Intracellular cytokines

Twenty female C57BL/6 J (H-2D^b) mice were used to form the following 5 study groups: 2 control groups—the PBS group (100 μL, 5 doses/week for 4 weeks; n = 4) and the B. longum wild type group (2.0 × 10⁹ CFUs/100 μL of PBS, 5 doses/week for 4 weeks; n = 4)—; the B. longum 420 group (2.0 × 10⁹ CFUs/100 μL of PBS, 5 doses/week for 4 weeks; n = 4); the B. longum 2656 group (2.0 × 10⁹ CFUs/100 μL of PBS, 5 doses/week for 4 weeks; n = 4); and the B. longum 420/2656 combination group (4.0 × 10⁹ CFUs/200 μL of PBS, 5 doses/week for 4 weeks; n = 4). Mice were sacrificed after the termination of the oral administration to remove the spleen, and splenocytes were cultured with WT1_35–52 peptide 5 mM (Scrum, Koto-ku, Tokyo, Japan) in complete medium at 37 °C. The half of the medium was changed every 2 days after day 2 of culture. On day 2 of culture or later, recombinant interleukin (rIL)-2 (Shionogi Pharmaceutical, Chuo-ku, Osaka, Japan) 20 IU/mL was added. On day 12 of culture, 4-hour culture with 10% FBS RPMI was conducted by pulsing or not pulsing cells with WT1_35–52 peptide 10 μM and by retaining intracellular interferon-gamma (IFN-γ) with brefeldin A (FUJIFILM Wako Pure Chemical, Chuo-ku, Osaka, Japan) 10 μg/mL. These cultured cells were washed twice with SM before suspension in 50 μL of SM. Clear Back® (2 μL; MBL) was added. Subsequently, the following mAbs were added: anti-mouse CD3 mAb FITC, clone 17A2 (0.5 μL; eBioscience); and anti-CD4 mAb APC/Cyanine 7, clone RM4–5 (0.5 μL; BioLegend).

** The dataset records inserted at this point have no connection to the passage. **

Lemma reachable_swap (p q : 'I_m) u : p != q -> reachable u (col_swap p q u).
Proof.
wlog pq : p q / (p < q)%N => [swap_lt|_].
  move=> npq; case: (ltngtP p q) => [/swap_lt|qp|/val_inj pq]; [exact|..|by rewrite pq eqxx in npq].
  have -> : col_swap p q u = col_swap q p u.
    apply/matrixP => i k; rewrite !mxE.
    by case: (eqVneq i p) => [->|//]; rewrite (negbTE npq).
  by apply: swap_lt; rewrite // eq_sym.
have -> : col_swap p q u = twolevel p q Xmx *m u.
  rewrite twolevel_mulmx ?neq_ltn ?pq //; apply/matrixP => i k; rewrite !mxE /=.
  by rewrite !mul0r !mul1r add0r addr0.
by apply: reachable_gate; right; exists p, q; split => //; left.
Qed.

Lemma reachable_hadamard (p q : 'I_m) u : (p < q)%N -> reachable u (col_hadamard p q u).
Proof.
move=> pq; have -> : col_hadamard p q u = twolevel p q H'mx *m u.
  rewrite twolevel_mulmx ?neq_ltn ?pq //; apply/matrixP => i k; rewrite !mxE /= /delta.
  by case: ifP => _; last case: ifP => _; rewrite //; ring.
by apply: reachable_gate; right; exists p, q; split => //; right.
Qed.

Lemma reachable_basis (i j : 'I_m) : reachable (basis_vec i) (basis_vec j).
Proof.
have [->|ij] := eqVneq i j; first exact: reachable_refl.
rewrite (_ : basis_vec j = col_swap i j (basis_vec i)); first exact: reachable_swap.
apply/matrixP => r k; rewrite !mxE eqxx.
have [->|ri] := eqVneq r i; first by rewrite eq_sym.
by case: (r == j).
Qed.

Cells were stained at 4 °C for 30 min, followed by washing twice with SM. Subsequently, BD Cytofix/Cytoperm™ (BD Biosciences) was used to permeabilize cell membranes. Intracellular cytokine staining of IFN-γ was conducted with anti-IFN-γ mAb PE/Cyanine 7, clone XMG 1.2 (0.5 μL; BioLegend) at 4 °C for 30 min. The flow cytometry of splenocytes and the analysis of the resulting flow cytometric results were conducted as mentioned above.

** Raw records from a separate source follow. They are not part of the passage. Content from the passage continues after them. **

(* Let $n\geq 2$ and let $k$ be a positive integer with $k+2^k-1\leq n$. For every prime number $p$ with $n-2^k+1\leq p\leq (n-k-2^k+3)2^k-3$, there is an arithmetical structure $(r_1,\dots,r_n)$ on $K_n$ with $r_1=p$.
   Context: An arithmetical structure on the complete graph $K_n$ is an $n$-tuple $(r_1,r_2,\dots,r_n)$ of positive integers with $\gcd(r_1,\dots,r_n)=1$ such that $r_j$ divides $\sum_{i=1}^n r_i$ for every $j$. The entries are always listed so that $r_1\geq r_2\geq\dots\geq r_n$; thus $r_1$ is the largest value of the structure. *)

From mathcomp Require Import all_boot.

Definition arith_struct_Kn (n : nat) (r : seq nat) : Prop :=
  [/\ size r = n,
      all (fun x => 0 < x) r,
      sorted geq r,
      foldr gcdn 0 r = 1
    & all (fun x => x %| sumn r) r].

From mathcomp Require Import all_boot.
From mathcomp Require Import zify.

(* Proof of Proposition 2.5.  Put K = 2^k and t = n + 1 - K.  The list
     p, ..., p (K - 1 times), 2^e_1, ..., 2^e_t   (sorted nonincreasingly)
   is an arithmetical structure on K_n as soon as the 2^e_i are at most K,
   sum to p, and t >= 2: the total is K * p, which every entry divides, and
   the gcd is 1 because it divides the prime p while p cannot divide all of
   at least two positive parts summing to p.

   It
   then shows that p is a sum of exactly t powers of two at most 2^k under
   the numerical hypotheses of the proposition: write p = q 2^k + r, expand
   r in binary, which gives few parts ([binary_expansion]), and split parts
   2^e = 2^(e-1) + 2^(e-1) until there are t of them ([refine_pow2_parts]). *)

Lemma gcd_seq_dvd {l : seq nat} {x : nat} : x \in l -> foldr gcdn 0 l %| x.
Proof.
elim: l => [//|a l IH] /=; rewrite in_cons => /orP [/eqP ->|/IH h].
  exact: dvdn_gcdl.
exact: dvdn_trans (dvdn_gcdr _ _) h.
Qed.

Lemma mem_leq_sumn {l : seq nat} {x : nat} : x \in l -> x <= sumn l.
Proof.
elim: l => [//|a l IH] /=; rewrite in_cons => /orP [/eqP ->|/IH h].
  exact: leq_addr.
exact: leq_trans h (leq_addl _ _).
Qed.

Lemma sorted_nseq_cat (x c : nat) (l : seq nat) :
  sorted geq l -> all (fun y => y <= x) l -> sorted geq (nseq c x ++ l).
Proof.
move=> sl lx; elim: c => [//|c IH] /=.
case: c IH => [|c] /= IH; last by rewrite leqnn.
by case: l sl lx {IH} => //= y l -> /andP [-> _].
Qed.

(* If at least two positive parts sum to the prime p, then together with p
   they have gcd 1: p cannot divide all of them. *)
Lemma gcd_prime_parts {p : nat} {s l : seq nat} :
  prime p -> all (fun x => 0 < x) s -> 2 <= size s -> sumn s = p ->
  p \in l -> {subset s <= l} -> foldr gcdn 0 l = 1.
Proof.
move=> pr_p s_gt0 size_s sum_s pl sl.
have g_dvd_p := gcd_seq_dvd pl.
have [_ p_dvd] := primeP pr_p.
have /orP [/eqP //|/eqP g_p] := p_dvd _ g_dvd_p.
case: s s_gt0 size_s sum_s sl => [|a [|b s]] //= /and3P [a_gt0 b_gt0 _] _.
move=> sum_s sl.
have /dvdn_leq le_pa : p %| a by rewrite -g_p gcd_seq_dvd // sl ?mem_head.
have /dvdn_leq le_pb : p %| b by rewrite -g_p gcd_seq_dvd // sl ?inE ?eqxx ?orbT.
move: (le_pa a_gt0) (le_pb b_gt0); lia.
Qed.

Lemma arith_struct_of_parts {p c : nat} {s : seq nat} :
  prime p -> 0 < c -> all (fun x => 0 < x) s -> 2 <= size s -> sumn s = p ->
  all (fun x => x %| c.+1) s ->
  arith_struct_Kn (c + size s) (nseq c p ++ sort geq s) /\
  head 0 (nseq c p ++ sort geq s) = p.
Proof.
move=> pr_p c_gt0 s_gt0 size_s sum_s s_dvd.
have perm_s : perm_eq (sort geq s) s by rewrite perm_sort.
have sum_r : sumn (nseq c p ++ sort geq s) = c.+1 * p.
  by rewrite sumn_cat sumn_nseq (perm_sumn perm_s) sum_s mulSn addnC mulnC.
split; last by rewrite -(prednK c_gt0).
split.
- by rewrite size_cat size_nseq size_sort.
- by rewrite all_cat all_nseq prime_gt0 // orbT (perm_all _ perm_s).
- apply: sorted_nseq_cat; first by apply: sort_sorted => x y; apply: leq_total.
  by rewrite (perm_all _ perm_s); apply/allP => x xs; rewrite -sum_s mem_leq_sumn.
- apply: (gcd_prime_parts pr_p s_gt0 size_s sum_s).
    by rewrite mem_cat mem_nseq c_gt0 eqxx.
  by move=> x xs; rewrite mem_cat (perm_mem perm_s) xs orbT.
- rewrite sum_r all_cat all_nseq dvdn_mull ?orbT //= (perm_all _ perm_s).
  by apply/allP => x /(allP s_dvd) x_dvd; apply: dvdn_mulr.
Qed.

Lemma binary_expansion {j r : nat} : r < 2 ^ j -> exists es : seq nat,
  [/\ all (fun e => e < j) es, sumn (map (expn 2) es) = r, size es <= j
    & r.+1 < 2 ^ j -> size es < j].
Proof.
elim: j r => [|j IH] r.
  by rewrite expn0 ltnS leqn0 => /eqP ->; exists [::].
rewrite expnS => r_lt.
have lt_es (es : seq nat) : all (fun e => e < j) es -> all (fun e => e < j.+1) es.
  by move=> /allP es_lt; apply/allP => e /es_lt /ltnW.
have [r_small|r_big] := ltnP r (2 ^ j).
  have [es [es_lt sum_es size_es full_es]] := IH r r_small.
  exists es; split => //; first exact: lt_es.
  by apply: leqW.
have [es [es_lt sum_es size_es full_es]] := IH (r - 2 ^ j) ltac:(lia).
exists (j :: es); split => /=.
- by rewrite ltnSn lt_es.
- by rewrite sum_es; lia.
- by rewrite ltnS.
- by move=> r_lt'; rewrite ltnS full_es //; lia.
Qed.

Lemma sum_pow2_exp0 (es : seq nat) : ~~ has (fun e => 0 < e) es ->
  sumn (map (expn 2) es) = size es.
Proof.
elim: es => [//|e es IH] /=; rewrite negb_or -eqn0Ngt => /andP [/eqP -> h].
by rewrite IH.
Qed.

(* If a sum of powers of two has fewer terms than its value, some term 2^e
   with e > 0 can be split as 2^(e-1) + 2^(e-1), adding one term. *)
Lemma split_pow2_part {k : nat} {es : seq nat} :
  all (fun e => e <= k) es -> size es < sumn (map (expn 2) es) ->
  exists es', [/\ all (fun e => e <= k) es', size es' = (size es).+1
     & sumn (map (expn 2) es') = sumn (map (expn 2) es)].
Proof.
move=> es_le size_lt.
have /hasP [e e_es e_gt0] : has (fun e => 0 < e) es.
  by apply/negPn/negP => /sum_pow2_exp0 sum_es; rewrite sum_es ltnn in size_lt.
have perm_es := perm_to_rem e_es.
exists [:: e.-1, e.-1 & rem e es]; split.
- move: es_le; rewrite (perm_all _ perm_es) /= => /andP [e_le ->].
  by rewrite (leq_trans (leq_pred e) e_le).
- by rewrite (perm_size perm_es).
- rewrite (perm_sumn (perm_map _ perm_es)) /= -[in 2 ^ e](prednK e_gt0) expnS.
  lia.
Qed.

Lemma refine_pow2_parts {k d : nat} {es : seq nat} :
  all (fun e => e <= k) es -> size es <= d -> d <= sumn (map (expn 2) es) ->
  exists es', [/\ all (fun e => e <= k) es', size es' = d
     & sumn (map (expn 2) es') = sumn (map (expn 2) es)].
Proof.
elim: d => [|d IH] es_le size_le d_le.
  by exists es; split => //; apply/eqP; rewrite -leqn0.
have [size_eq|size_lt] := eqVneq (size es) d.+1; first by exists es.
have [es1 [es1_le size_es1 sum_es1]] := IH es_le ltac:(lia) ltac:(lia).
have [es2 [es2_le size_es2 sum_es2]] :=
  split_pow2_part es1_le ltac:(rewrite size_es1 sum_es1; lia).
by exists es2; rewrite size_es2 size_es1 sum_es2 sum_es1.
Qed.

(* Under the numerical hypotheses of the proposition, p is a sum of exactly
   t powers of two, each at most 2^k: the q + (binary length of r) parts of
   p = q 2^k + r are at most t, and can then be refined to t parts. *)
Lemma pow2_parts_exact {k t p : nat} :
  0 < t -> t <= p -> p <= (t + 2 - k) * 2 ^ k - 3 ->
  exists es, [/\ all (fun e => e <= k) es, size es = t
                & sumn (map (expn 2) es) = p].
Proof.
move=> t_gt0 t_le p_le.
have K_gt0 : 0 < 2 ^ k by rewrite expn_gt0.
set K := 2 ^ k in K_gt0 p_le *; set m := t + 2 - k in p_le *.
have [esr [esr_lt sum_esr size_esr full_esr]] := binary_expansion (ltn_pmod p K_gt0).
have p_eq := divn_eq p K; set q := p %/ K in p_eq; set r := p %% K in p_eq sum_esr full_esr.
have q_lt : q < m.
  by rewrite ltnNge; apply/negP => /leq_mul /(_ (leqnn K)); lia.
have size_le : q + size esr <= t.
  have [q_last|] := eqVneq q.+1 m; last by rewrite /m in q_lt *; lia.
  have r_lt : r.+1 < K by move: p_le; rewrite -q_last mulSn; lia.
  by have := full_esr r_lt; lia.
have sum_es0 : sumn (map (expn 2) (nseq q k ++ esr)) = p.
  by rewrite map_cat sumn_cat map_nseq sumn_nseq sum_esr -/K mulnC -p_eq.
have es0_le : all (fun e => e <= k) (nseq q k ++ esr).
  rewrite all_cat all_nseq leqnn orbT.
  by apply/allP => e /(allP esr_lt) /ltnW.
have [es [es_le size_es sum_es]] := refine_pow2_parts (d := t) es0_le
  ltac:(by rewrite size_cat size_nseq) ltac:(by rewrite sum_es0).
by exists es; rewrite sum_es sum_es0.
Qed.

Theorem proposition2p5 (n k p : nat) :
  2 <= n -> 0 < k -> k + 2 ^ k - 1 <= n ->
  prime p ->
  n + 1 - 2 ^ k <= p -> p <= (n + 3 - k - 2 ^ k) * 2 ^ k - 3 ->
  exists r : seq nat, arith_struct_Kn n r /\ head 0 r = p.
Proof.
move=> n_ge2 k_gt0 kn_le pr_p p_ge p_le.
have K_ge2 : 2 <= 2 ^ k by rewrite -[2]expn1 leq_exp2l.
set K := 2 ^ k in K_ge2 kn_le p_ge p_le; set t := n + 1 - K.
(* t = 1 forces k = 1 and n = 2, where the upper bound on p is 1. *)
have t_ge2 : 2 <= t.
  have [t_small|//] := ltnP t 2; have k1 : k = 1 by rewrite /t in t_small; lia.
  have K2 : K = 2 by rewrite /K k1.
  by move: p_le t_small (prime_gt1 pr_p); rewrite /t K2 k1; lia.
have p_le' : p <= (t + 2 - k) * K - 3 by rewrite /t; move: p_le; lia.
have [es [es_le size_es sum_es]] := pow2_parts_exact (ltnW t_ge2) p_ge p_le'.
set s := map (expn 2) es.
have s_gt0 : all (fun x => 0 < x) s.
  by apply/allP => _ /mapP [e _ ->]; rewrite expn_gt0.
have s_dvd : all (fun x => x %| (K - 1).+1) s.
  apply/allP => _ /mapP [e e_es ->].
  by rewrite subn1 prednK ?dvdn_exp2l ?(allP es_le) //; lia.
have size_s : K - 1 + size s = n by rewrite size_map size_es /t; lia.
exists (nseq (K - 1) p ++ sort geq s); rewrite -{1}size_s.
apply: (arith_struct_of_parts pr_p _ s_gt0 _ sum_es s_dvd); first by lia.
by rewrite size_map size_es.
Qed.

Tumor-infiltrating lymphocytes (TILs)

Eight female CD45.1⁺ C57BL/6 J (H-2D^b) mice were used to form the following 2 study groups: the B. longum 420 group (2.0 × 10⁹ CFUs/100 μL of PBS, 5 doses/week for 2 weeks; n = 4); and the B. longum 420/2656 combination group (4.0 × 10⁹ CFUs/200 μL of PBS, 5 doses/week for 2 weeks; n = 4). C1498-mWT1, prepared to be 2.0 × 10⁵ cells/50 μL of PBS, was subcutaneously inoculated into the right dorsal region of mice. The day of subcutaneous inoculation was considered as day 0, successful engraftment was verified on day 7, and the oral administration of the vaccine was initiated on day 8. After the termination of the oral administration, the tumor mass was cut into small pieces that were then treated with enzymes of Tissue Dissociation Kit (Milteny Biotec, Bergisch-Gladbach, Germany), followed by mechanical dissociation with gentleMACS™ Dissociator (Milteny Biotec). The resulting cell suspension was strained with the 40-μm nylon cell strainer (Nippon Rikagaku Kikai, Bunkyo-ku, Tokyo, Japan) to obtain a cell population containing tumor cells and hemocytes.

WT1-specific CTLs were stained as described below. MojoSort™ (BioLegend, San Diego, CA), a magnetic cell separation system, was used to conduct the positive selection of CD45.1⁺ cells in an attempt to exclude tumor cells—CD45.2⁺ cells. Sorted CD45.1⁺ cells were then suspended in 200 μL of SM. Clear Back® (4 μL; MBL) was added in the resulting cell suspension. An H-2D^b anti-WT1 tetramer, RMFPNAPYL-PE (1.0 μL; MBL), was then added. Subsequently, the following mAbs were added: anti-mouse CD3 mAb FITC, clone 17A2 (2.0 μL; eBioscience); anti-mouse CD8 mAb Alexa Fluor® 647, clone KT15 (2.0 μL; MBL); and anti-mouse CD45.2 mAb PerCP/Cyanine 5.5, clone 104 (1.0 μL; BioLegend). TILs were washed twice with SM. A DNA-binding dye 7-AAD (10.0 μL; BD Biosciences) was added to stain dead TILs. The flow cytometry of TILs and the analysis of the flow cytometric results were conducted as mentioned above.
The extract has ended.